=== Begin Enclosure ===

Definition shift_mx : 'M[R]_m := \matrix_(i, j) ind R (i.+1 == j :> nat).
Definition exchange_mx : 'M[R]_m := \matrix_(i, j) ind R (i + j == m.-1 :> nat)%N.

Local Notation S := shift_mx.
Local Notation J := exchange_mx.
Local Notation E := (E11 R m).
Local Notation F := (Emm R m).

Lemma A_m_shift : A_m R m = S + S^T.
Proof.
apply/matrixP => i j; rewrite !mxE /ind.
by case: eqP; case: eqP => //= *; rewrite ?addr0 ?add0r //; lia.
Qed.

Lemma B_m_shift : B_m R m = S - S^T.
Proof. by apply/matrixP => i j; rewrite !mxE. Qed.

(* The entries of S, S^T, E, F and J are indicators, so an entry of a product
   of two of them is a sum of indicators of conjunctions, at most one of which
   can hold; [collapse_sum a Q] names the only candidate index [a] and the
   condition [Q] left once the summation index equals [a]. *)
Local Ltac case_ind := rewrite /ind; repeat (case: ifP => ?);
  rewrite ?mulr1 ?mulr0 ?subr0 ?sub0r ?subrr; try lra; try lia.
Local Ltac expand_sum := under eq_bigr => k _ do rewrite !mxE ind_mul.
Local Ltac entrywise := apply/matrixP => i j; rewrite !mxE; expand_sum.
Local Ltac collapse_sum a Q := rewrite (@sum_ind _ _ _ a Q);
  [| move=> k; have := ltn_ord k; have := ltn_ord i; have := ltn_ord j; lia].
Local Ltac decide_entry := rewrite ?mxE ?mulrn_eq_ord;
  have := ltn_ord i; have := ltn_ord j; move=> ? ?; case_ind.

Lemma mul_shift_tr : S *m S^T = 1%:M - F.
Proof. entrywise; collapse_sum i.+1 (j.+1 == i.+1)%N; decide_entry. Qed.
Lemma mul_tr_shift : S^T *m S = 1%:M - E.
Proof. entrywise; collapse_sum i.-1 ((0 < i) && (i.-1.+1 == j))%N; decide_entry. Qed.
Lemma mul_shift_E11 : S *m E = 0.
Proof. entrywise; collapse_sum i.+1 false; decide_entry. Qed.
Lemma mul_tr_shift_Emm : S^T *m F = 0.
Proof. entrywise; collapse_sum m.-1 false; decide_entry. Qed.
Lemma mul_E11_tr_shift : E *m S^T = 0.
Proof. entrywise; collapse_sum 0%N false; decide_entry. Qed.
Lemma mul_Emm_shift : F *m S = 0.
Proof. entrywise; collapse_sum m.-1 false; decide_entry. Qed.
Lemma E11_idem : E *m E = E.
Proof. entrywise; collapse_sum 0%N ((i == 0 :> nat) && (j == 0 :> nat))%N; decide_entry. Qed.
Lemma Emm_idem : F *m F = F.
Proof. entrywise; collapse_sum m.-1 ((i == m.-1 :> nat) && (j == m.-1 :> nat)); decide_entry. Qed.
(* Let $T=(L,R,\tau,\sigma)$ be a rewrite rule and $m:L\to G$ a matching with respect to $T$. Let $(\mathcal{H},\tau_1,\delta)$ be a pushout of $\tau:|L|\to|R|$ and $|m|:|L|\to|G|$ in the category of sets, with $\tau_1:|G|\to\mathcal{H}$, $\delta:|R|\to\mathcal{H}$, $\delta\circ\tau=\tau_1\circ|m|$. Let $\Gamma=|G|-|m(L)|$, $\Sigma=\mathrm{dom}(\sigma)$, $\Delta=|R|-\Sigma$. Then $\mathcal{H}$ is the disjoint union $\mathcal{H}=\tau_1(\Gamma)+\delta(\Delta)+\delta(\Sigma)$, where the restriction $\tau_1:\Gamma\to\tau_1(\Gamma)$ is bijective, the restriction $\delta:\Delta\to\delta(\Delta)$ is bijective, and for distinct nodes $n,n'\in\Sigma$ with $\delta(n)=\delta(n')$ one has $\sigma(n)=\sigma(n')$. In addition, there is a unique partial function $\sigma_1:\mathcal{H}\rightharpoonup|G|$ with domain $\delta(\Sigma)$ such that $|m|\circ\sigma=\sigma_1\circ\delta$ on $\Sigma$.
   Context: A signature $\Omega$ assigns an arity to each symbol; for a function $f$, $f^*$ acts letterwise on strings. A termgraph (graph) $G$ has node set $|G|$, a subset of labeled nodes, a labeling $\mathcal{L}_G$ of labeled nodes by symbols of $\Omega$ and a successor function $\mathcal{S}_G$ giving each labeled node a string of nodes of length the arity of its label. A graph morphism $g:G\to H$ is a function $|G|\to|H|$ sending labeled nodes to labeled nodes with $\mathcal{L}_H(g(n))=\mathcal{L}_G(n)$ and $\mathcal{S}_H(g(n))=g^*(\mathcal{S}_G(n))$ for each labeled $n$; $|g|$ denotes its underlying function. For graphs $G,H$ and a function $\tau:|G|\to|H|$, a node $p\in|H|$ is a $\tau$-clone of $q\in|G|$ if $p$ is labeled iff $q$ is labeled, and then $\mathcal{L}_H(p)=\mathcal{L}_G(q)$ and $\mathcal{S}_H(p)=\tau^*(\mathcal{S}_G(q))$. A rewrite rule is a tuple $(L,R,\tau,\sigma)$ with $L,R$ graphs, $\tau:|L|\to|R|$ a function, and $\sigma:|R|\rightharpoonup|L|$ a partial function such that each $n\in\mathrm{dom}(\sigma)$ is unlabeled or is a $\tau$-clone of $\sigma(n)$. A matching with respect to $T=(L,R,\tau,\sigma)$ is a graph morphism $m:L\to G$ such that whenever $m(p)=m(p')$ for distinct nodes $p,p'$ of $L$, then $\tau(p),\tau(p')\in\mathrm{dom}(\sigma)$ and $\sigma(\tau(p))=\sigma(\tau(p'))$. *)

From Stdlib Require Import List.
Import ListNotations.
Set Implicit Arguments.

Record signature := Signature { sym : Type; arity : sym -> nat }.

(* The successor list is only meaningful on labeled nodes (values on
   unlabeled nodes are ignored by every definition below). *)
Record graph (S : signature) := Graph {
  node : Type;
  lab : node -> option (sym S);
  succ : node -> list node;
  succ_arity : forall n s, lab n = Some s -> length (succ n) = arity S s
}.
Arguments node {S} g.
Arguments lab {S} g _.
Arguments succ {S} g _.

Definition is_morphism (S : signature) (G H : graph S) (g : node G -> node H) : Prop :=
  forall n s, lab G n = Some s ->
    lab H (g n) = Some s /\ succ H (g n) = map g (succ G n).

Definition is_clone (S : signature) (G H : graph S) (tau : node G -> node H)
  (p : node H) (q : node G) : Prop :=
  (lab H p = None <-> lab G q = None) /\
  (forall s, lab G q = Some s ->
     lab H p = Some s /\ succ H p = map tau (succ G q)).

Record rule (S : signature) := Rule {
  rL : graph S;
  rR : graph S;
  rtau : node rL -> node rR;
  rsigma : node rR -> option (node rL);
  rule_ax : forall n q, rsigma n = Some q ->
    lab rR n = None \/ is_clone rL rR rtau n q
}.

Definition is_matching (S : signature) (T : rule S) (G : graph S)
  (m : node (rL T) -> node G) : Prop :=
  is_morphism (rL T) G m /\
  forall p p', p <> p' -> m p = m p' ->
    exists q, rsigma T (rtau T p) = Some q /\ rsigma T (rtau T p') = Some q.

Definition is_pushout (A B C P : Type) (f : A -> B) (g : A -> C)
  (i1 : C -> P) (i2 : B -> P) : Prop :=
  (forall a, i2 (f a) = i1 (g a)) /\
  (forall (X : Type) (u : C -> X) (v : B -> X),
     (forall a, v (f a) = u (g a)) ->
     exists h : P -> X,
       (forall c, h (i1 c) = u c) /\ (forall b, h (i2 b) = v b) /\
       (forall h' : P -> X, (forall c, h' (i1 c) = u c) ->
          (forall b, h' (i2 b) = v b) -> forall x, h' x = h x)).

(* In the category of sets the pushout H is G + R modulo the equivalence
   generated by m p ~ tau p.  A matching identifies two nodes of L only when
   sigma identifies their tau-images, so the gluing never merges a node of
   Gamma or of Delta with anything else, and merges nodes of Sigma only
   within fibres of sigma.  Each of these facts is witnessed by a map out of
   the pushout: a classifier H -> |G| + (|R| + |L|) sending tau1 x to x on
   Gamma and delta n to n on Delta and to sigma n on Sigma, and the partial
   map sigma1 induced by m o sigma. *)
From Stdlib Require Import List.
From Stdlib Require Import Classical ClassicalEpsilon PropExtensionality.
Set Implicit Arguments.

Lemma extend_along (A C X : Type) (g : A -> C) (w : A -> X) (d : C -> X) :
  (forall a a', g a = g a' -> w a = w a') ->
  exists u : C -> X,
    (forall a, u (g a) = w a) /\ (forall c, ~ (exists a, g a = c) -> u c = d c).
Proof.
  intros Hw.
  exists (fun c => match excluded_middle_informative (exists a, g a = c) with
     | left e => w (proj1_sig (constructive_indefinite_description _ e))
     | right _ => d c end).
  split.
  - intros a. destruct (excluded_middle_informative _) as [e | e].
    + destruct (constructive_indefinite_description _ e) as [a' Ha']; simpl.
      now apply Hw.
    + exfalso; apply e; eauto.
  - intros c Hc. destruct (excluded_middle_informative _); tauto.
Qed.

Lemma option_fun_eq_on_domain (X Y : Type) (D : X -> Prop) (f g : X -> option Y) :
  (forall x, f x <> None <-> D x) -> (forall x, g x <> None <-> D x) ->
  (forall x, D x -> f x = g x) -> forall x, f x = g x.
Proof.
  intros Hf Hg Hfg x.
  destruct (classic (D x)) as [Dx | NDx]; [now apply Hfg|].
  destruct (f x) eqn:Ef; [exfalso; apply NDx, Hf; congruence|].
  destruct (g x) eqn:Eg; [exfalso; apply NDx, Hg; congruence|].
  reflexivity.
Qed.

Section Pushout.

Variables (A B C P : Type) (f : A -> B) (g : A -> C) (i1 : C -> P) (i2 : B -> P).
Hypothesis Hpo : is_pushout f g i1 i2.

Lemma pushout_jointly_surjective (p : P) :
  (exists c, i1 c = p) \/ (exists b, i2 b = p).
Proof.
  destruct Hpo as [_ Huniv].
  destruct (Huniv Prop (fun _ => True) (fun _ => True) (fun _ => eq_refl))
    as [h0 [_ [_ Hunique]]].
  (* Both the constant [True] and "p is in the image" factor the same cocone. *)
  assert (Htrue := Hunique (fun _ => True) (fun _ => eq_refl) (fun _ => eq_refl) p).
  assert (Himage : ((exists c, i1 c = p) \/ (exists b, i2 b = p)) = h0 p).
  { apply (Hunique (fun p => (exists c, i1 c = p) \/ (exists b, i2 b = p)));
      intros; apply propositional_extensionality; split; eauto. }
  rewrite Himage, <- Htrue; exact I.
Qed.

Lemma pushout_induced_map (X : Type) (v : B -> X) (d : C -> X) :
  (forall a a', g a = g a' -> v (f a) = v (f a')) ->
  exists h : P -> X,
    (forall b, h (i2 b) = v b) /\
    (forall c, ~ (exists a, g a = c) -> h (i1 c) = d c).
Proof.
  intros Hv.
  destruct (extend_along g (fun a => v (f a)) d Hv) as [u [Hug Hud]].
  destruct Hpo as [_ Huniv].
  destruct (Huniv X u v (fun a => eq_sym (Hug a))) as [h [Hh1 [Hh2 _]]].
  exists h; split; [exact Hh2|].
  intros c Hc; rewrite Hh1; now apply Hud.
Qed.

End Pushout.

Section Proposition1.

Variables (S : signature) (T : rule S) (G : graph S) (m : node (rL T) -> node G).
Hypothesis Hm : is_matching T G m.
Variables (H : Type) (tau1 : node G -> H) (delta : node (rR T) -> H).
Hypothesis Hpo : is_pushout (rtau T) m tau1 delta.

Definition Gamma (x : node G) : Prop := ~ exists p, m p = x.
Definition Sigma (n : node (rR T)) : Prop := rsigma T n <> None.
Definition Delta (n : node (rR T)) : Prop := rsigma T n = None.

Lemma matching_respects_sigma_classes (X : Type) (v : node (rR T) -> X) :
  (forall n n' q, rsigma T n = Some q -> rsigma T n' = Some q -> v n = v n') ->
  forall p p', m p = m p' -> v (rtau T p) = v (rtau T p').
Proof.
  intros Hv p p' Hpp'.
  destruct (classic (p = p')) as [<- | Np]; [reflexivity|].
  destruct Hm as [_ Hglue].
  destruct (Hglue p p' Np Hpp') as [q [Hq Hq']].
  eauto.
Qed.

Lemma Sigma_or_Delta (n : node (rR T)) : Sigma n \/ Delta n.
Proof. unfold Sigma, Delta; destruct (rsigma T n); [left | right]; congruence. Qed.

Lemma pushout_cover (h : H) :
  (exists x, Gamma x /\ tau1 x = h) \/
  (exists n, Delta n /\ delta n = h) \/
  (exists n, Sigma n /\ delta n = h).
Proof.
  assert (Hdelta : forall n, (exists n', Delta n' /\ delta n' = delta n) \/
                             (exists n', Sigma n' /\ delta n' = delta n)).
  { intros n; destruct (Sigma_or_Delta n); [right | left]; eauto. }
  destruct (pushout_jointly_surjective Hpo h) as [[x <-] | [n <-]]; [|right; apply Hdelta].
  destruct (classic (Gamma x)) as [Gx | NGx]; [left; eauto|].
  apply NNPP in NGx; destruct NGx as [p <-].
  right; rewrite <- (proj1 Hpo); apply Hdelta.
Qed.

Definition sigma_or_self (n : node (rR T)) : node (rR T) + node (rL T) :=
  match rsigma T n with Some q => inr q | None => inl n end.

Lemma pushout_classifier :
  exists c : H -> node G + (node (rR T) + node (rL T)),
    (forall x, Gamma x -> c (tau1 x) = inl x) /\
    (forall n, Delta n -> c (delta n) = inr (inl n)) /\
    (forall n, Sigma n -> exists q, rsigma T n = Some q /\ c (delta n) = inr (inr q)).
Proof.
  destruct (pushout_induced_map Hpo (fun n => inr (sigma_or_self n)) (@inl _ _))
    as [c [Hdelta Hgamma]].
  { apply (matching_respects_sigma_classes (fun n => inr (sigma_or_self n))).
    intros n n' q Hq Hq'; unfold sigma_or_self; now rewrite Hq, Hq'. }
  exists c; split; [exact Hgamma | split].
  - intros n Dn; rewrite Hdelta; unfold sigma_or_self; now rewrite Dn.
  - intros n Sn; rewrite Hdelta; unfold sigma_or_self, Sigma in *.
    destruct (rsigma T n); [eauto | contradiction].
Qed.

Lemma sigma1_exists :
  exists sigma1 : H -> option (node G),
    (forall h, sigma1 h <> None <-> exists n, Sigma n /\ delta n = h) /\
    (forall n, sigma1 (delta n) = option_map m (rsigma T n)).
Proof.
  destruct (pushout_induced_map Hpo (fun n => option_map m (rsigma T n)) (fun _ => None))
    as [s1 [Hdelta Hgamma]].
  { apply (matching_respects_sigma_classes (fun n => option_map m (rsigma T n))).
    intros n n' q Hq Hq'; now rewrite Hq, Hq'. }
  exists s1; split; [|exact Hdelta].
  intros h; split.
  - intros Hdef.
    destruct (pushout_cover h) as [[x [Gx <-]] | [[n [Dn <-]] | HSigma]]; [| |exact HSigma];
      exfalso; apply Hdef.
    + now apply Hgamma.
    + now rewrite Hdelta, Dn.
  - intros [n [Sn <-]]; rewrite Hdelta; unfold Sigma in Sn.
    destruct (rsigma T n); [discriminate | contradiction].
Qed.

End Proposition1.

Theorem proposition1 (S : signature) (T : rule S) (G : graph S)
  (m : node (rL T) -> node G) (Hm : is_matching T G m)
  (H : Type) (tau1 : node G -> H) (delta : node (rR T) -> H)
  (Hpo : is_pushout (rtau T) m tau1 delta) :
  let Gamma := fun x : node G => ~ exists p, m p = x in
  let Sigma := fun n : node (rR T) => rsigma T n <> None in
  let Delta := fun n : node (rR T) => rsigma T n = None in
  (* H is the disjoint union tau1(Gamma) + delta(Delta) + delta(Sigma) *)
  (forall h : H,
     (exists x, Gamma x /\ tau1 x = h) \/
     (exists n, Delta n /\ delta n = h) \/
     (exists n, Sigma n /\ delta n = h)) /\
  (forall x n, Gamma x -> Delta n -> tau1 x <> delta n) /\
  (forall x n, Gamma x -> Sigma n -> tau1 x <> delta n) /\
  (forall n n', Delta n -> Sigma n' -> delta n <> delta n') /\
  (* tau1 restricted to Gamma is injective (hence bijective onto its image) *)
  (forall x x', Gamma x -> Gamma x' -> tau1 x = tau1 x' -> x = x') /\
  (* delta restricted to Delta is injective *)
  (forall n n', Delta n -> Delta n' -> delta n = delta n' -> n = n') /\
  (forall n n', Sigma n -> Sigma n' -> n <> n' -> delta n = delta n' ->
     rsigma T n = rsigma T n') /\
  (* unique partial sigma1 : H -> |G| with domain delta(Sigma), m o sigma = sigma1 o delta on Sigma *)
  (exists sigma1 : H -> option (node G),
     ((forall h, sigma1 h <> None <-> exists n, Sigma n /\ delta n = h) /\
      (forall n, Sigma n -> sigma1 (delta n) = option_map m (rsigma T n))) /\
     (forall sigma1' : H -> option (node G),
        (forall h, sigma1' h <> None <-> exists n, Sigma n /\ delta n = h) ->
        (forall n, Sigma n -> sigma1' (delta n) = option_map m (rsigma T n)) ->
        forall h, sigma1' h = sigma1 h)).
Proof.
  intros GammaP SigmaP DeltaP.
  destruct (pushout_classifier Hm Hpo) as [c [cG [cD cS]]].
  split; [exact (pushout_cover T G Hpo) |].
  split; [intros x n Gx Dn E; generalize (cG x Gx) (cD n Dn); congruence |].
  split; [intros x n Gx Sn E; specialize (cG x Gx); destruct (cS n Sn) as [q [_ Hq]];
          congruence |].
  split; [intros n n' Dn Sn' E; specialize (cD n Dn); destruct (cS n' Sn') as [q [_ Hq]];
          congruence |].
  split; [intros x x' Gx Gx' E; generalize (cG x Gx) (cG x' Gx'); congruence |].
  split; [intros n n' Dn Dn' E; generalize (cD n Dn) (cD n' Dn'); congruence |].
  split; [intros n n' Sn Sn' _ E; destruct (cS n Sn) as [q [Hq cq]];
          destruct (cS n' Sn') as [q' [Hq' cq']]; congruence |].
  destruct (sigma1_exists Hm Hpo) as [s1 [Hdom Hdelta]].
  exists s1; split; [split; [exact Hdom | intros n _; apply Hdelta] |].
  intros s1' Hdom' Hdelta'.
  apply (option_fun_eq_on_domain _ _ _ Hdom' Hdom).
  intros h [n [Sn <-]]; now rewrite Hdelta', Hdelta.
Qed.
Lemma net_ret_cherry_ms : net_ret_cherry A lab i j -> ms_ret_cherry muN i j.
Proof.
case=> vi [vj [pi [pj [[Li li Lj lj] [pi_vi pj_vj Ri Tj pj_pi]]]]].
have pi_vj : pi != vj by exact: (leaf_neq (ret_not_leaf HN Ri) Lj).
have [_ Cj] := children2_tree HN pj_pi pj_vj pi_vj.
have [q pj_q Pi] := ret_parents HN Ri pj_pi.
have mu_pj : mu pj = delta n [:: 0; i; j].
  rewrite -li -lj; apply: (mu_vec_ret_cherry HN Tj Cj Ri (ret_child HN Ri pi_vi) Li Lj).
  by rewrite li lj.
have VT_neq_pi u : is_VT A u -> u != pi.
  by move=> Tu; apply: contraNneq (VT_not_ret HN Tu) => ->.
split.
  apply: count_mu_net_eq1 mu_pj _ => [|u Tu uij]; first by rewrite /is_VT Tj orbT.
  have [b _ [_ /orP[/andP[u_vj _] | /andP[u_vi _]]]] :=
    ret_cherry_top Li li Lj lj Tu uij ij_sub_0ij (fun _ => id) (mem_head _ _).
    exact: (leaf_parent_uniq HN Lj pj_vj u_vj).
  by have := VT_neq_pi u Tu; rewrite (leaf_parent_uniq HN Li pi_vi u_vi) eqxx.
move=> _ /mu_netP[u Tu ->]; rewrite -{1}li -{1}lj.
move=> /(leaf_mu_neq Li) uvi /(leaf_mu_neq Lj) uvj.
rewrite -li -lj !mu_vec_leaf // mu_vec0.
rewrite (npaths_parent acyc _ (leaf_parents HN Li pi_vi)) (negbTE uvi) add0n.
rewrite (npaths_parent acyc _ (leaf_parents HN Lj pj_vj)) (negbTE uvj) add0n.
rewrite (npaths_le_ret u Ri); split=> //.
by rewrite (npaths_parents2 acyc _ pj_q Pi) (negbTE (VT_neq_pi u Tu)) add0n leq_addr.
Qed.

Lemma mu_net_of_count1 x : count_mem x muN = 1 -> exists2 u, is_VT A u & mu u = x.
Proof.
move=> x1; have /mu_netP[u Tu xu] : x \in muN by rewrite -has_pred1 has_count x1.
by exists u.
Qed.

Lemma ms_cherry_net : ms_cherry muN i j -> net_cherry A lab i j.
Proof.
case=> /mu_net_of_count1[u Tu uij] _.
have [vi Li li] := mu_delta_leaf uij (mem_head _ _) Hi.
have [vj Lj lj] := mu_delta_leaf uij (mem_last i [:: j]) Hj.
have /andP[u_vi u_vj] :=
  cherry_top Li li Lj lj Tu uij (fun _ => id) ij_sub_0ij zero_notin_ij.
by exists vi, vj, u.
Qed.

Lemma ret_cherry_swapped u b vi vj : is_leaf A vi -> lab vi = i ->
  is_leaf A vj -> lab vj = j -> is_ret A b -> A u b -> A u vi -> A b vj ->
  exists2 x, x \in muN &
    [/\ x != delta n [:: i], x != delta n [:: j] & x (inord i) < x (inord j)].
Proof.
(* The witness is the child r of the root, which reaches both parents u and q of b. *)
move=> Li li Lj lj Rb ub uvi bvj.
have [r [Tr Croot top]] := root_child_spec HN.
have [q uq Pb] := ret_parents HN Rb ub.
have qb : A q b by rewrite -in_parents Pb set22.
have Rq : ~~ is_root A q.
  apply/negP => /Croot Cq; move: qb; rewrite -in_children Cq => /set1P br.
  by move: (VT_not_ret HN Tr); rewrite -br Rb.
have rb : connect A r b := connect_trans (top q Rq) (connect1 qb).
have rq : 0 < m r q by rewrite (npaths_gt0 acyc) top.
have r_neq_leaf v : is_leaf A v -> r != v.
  move=> Lv; apply: contraTneq rb => ->; apply/negP => /(connect_leaf HN Lv) bv.
  by move: (ret_not_leaf HN Rb); rewrite bv Lv.
have r_neq_b : r != b by apply: contraNneq (VT_not_ret HN Tr) => ->.
have r_vi : m r vi = m r u.
  by rewrite (npaths_parent acyc _ (leaf_parents HN Li uvi)) (negbTE (r_neq_leaf _ Li)).
have r_vj : m r vj = m r u + m r q.
  rewrite (npaths_parent acyc _ (leaf_parents HN Lj bvj)) (negbTE (r_neq_leaf _ Lj)).
  by rewrite (npaths_parents2 acyc _ uq Pb) (negbTE r_neq_b) add0n.
have lvj_n : lab vj <= n by case/andP: (label_bounds HN Lj).
have lij : lab vj != lab vi by rewrite li lj eq_sym.
exists (mu r); first by apply/mu_netP; exists r.
rewrite -li -lj !mu_vec_leaf // r_vi r_vj; split; last by rewrite -addn1 leq_add2l.
- apply/eqP => /(congr1 (fun x : {ffun 'I_n.+1 -> nat} => x (inord (lab vj)))).
  by rewrite /= mu_vec_leaf // delta_inord // inE (negbTE lij) r_vj; lia.
- apply/eqP => /(congr1 (fun x : {ffun 'I_n.+1 -> nat} => x ord0)).
  rewrite /= mu_vec0 delta_ord0 inE eq_sym eqn0Ngt.
  have /andP[-> _] := label_bounds HN Lj.
  have := npaths_le_ret r Rb; rewrite -(npaths_gt0 acyc) in rb; lia.
Qed.

Lemma ms_ret_cherry_net : ms_ret_cherry muN i j -> net_reducible A lab i j.
Proof.
case=> /mu_net_of_count1[u Tu uij] ms_le.
have [vi Li li] := mu_delta_leaf uij (ij_sub_0ij (mem_head i [:: j])) Hi.
have [vj Lj lj] := mu_delta_leaf uij (ij_sub_0ij (mem_last i [:: j])) Hj.
have [b Rb [ub /orP[/andP[u_vj b_vi] | /andP[u_vi b_vj]]]] :=
  ret_cherry_top Li li Lj lj Tu uij ij_sub_0ij (fun _ => id) (mem_head _ _).
  have [Tt _] := children2_tree HN ub u_vj (leaf_neq (ret_not_leaf HN Rb) Lj).
  by right; exists vi, vj, b, u.
have [x xs [xi xj]] := ret_cherry_swapped Li li Lj lj Rb ub u_vi b_vj.
by have [_] := ms_le x xs xi xj; rewrite leqNgt => /negP.
Qed.

End Reducibility.

Theorem mainTheorem6 (n : nat) (V : finType) (A : rel V) (lab : V -> nat)
  (HN : is_network A lab n) (i j : nat)
  (Hi : 1 <= i <= n) (Hj : 1 <= j <= n) (Hij : i != j) :
  net_reducible A lab i j <-> ms_reducible (mu_net A lab n) i j.
Proof.
split=> [[] red | [] red].
- by left; apply: (net_cherry_ms HN Hi Hj Hij).
- by right; apply: (net_ret_cherry_ms HN Hij).
- by left; apply: (ms_cherry_net HN Hi Hj Hij).
- exact: (ms_ret_cherry_net HN Hi Hj Hij).
Qed.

=== End Enclosure ===

- _REQUIRED ACTION_
Among the records above, find the lines that contain "contradiction" and copy every one.

- _RESULT FOR THIS EXERCISE_
    destruct (rsigma T n); [eauto | contradiction].
    destruct (rsigma T n); [discriminate | contradiction].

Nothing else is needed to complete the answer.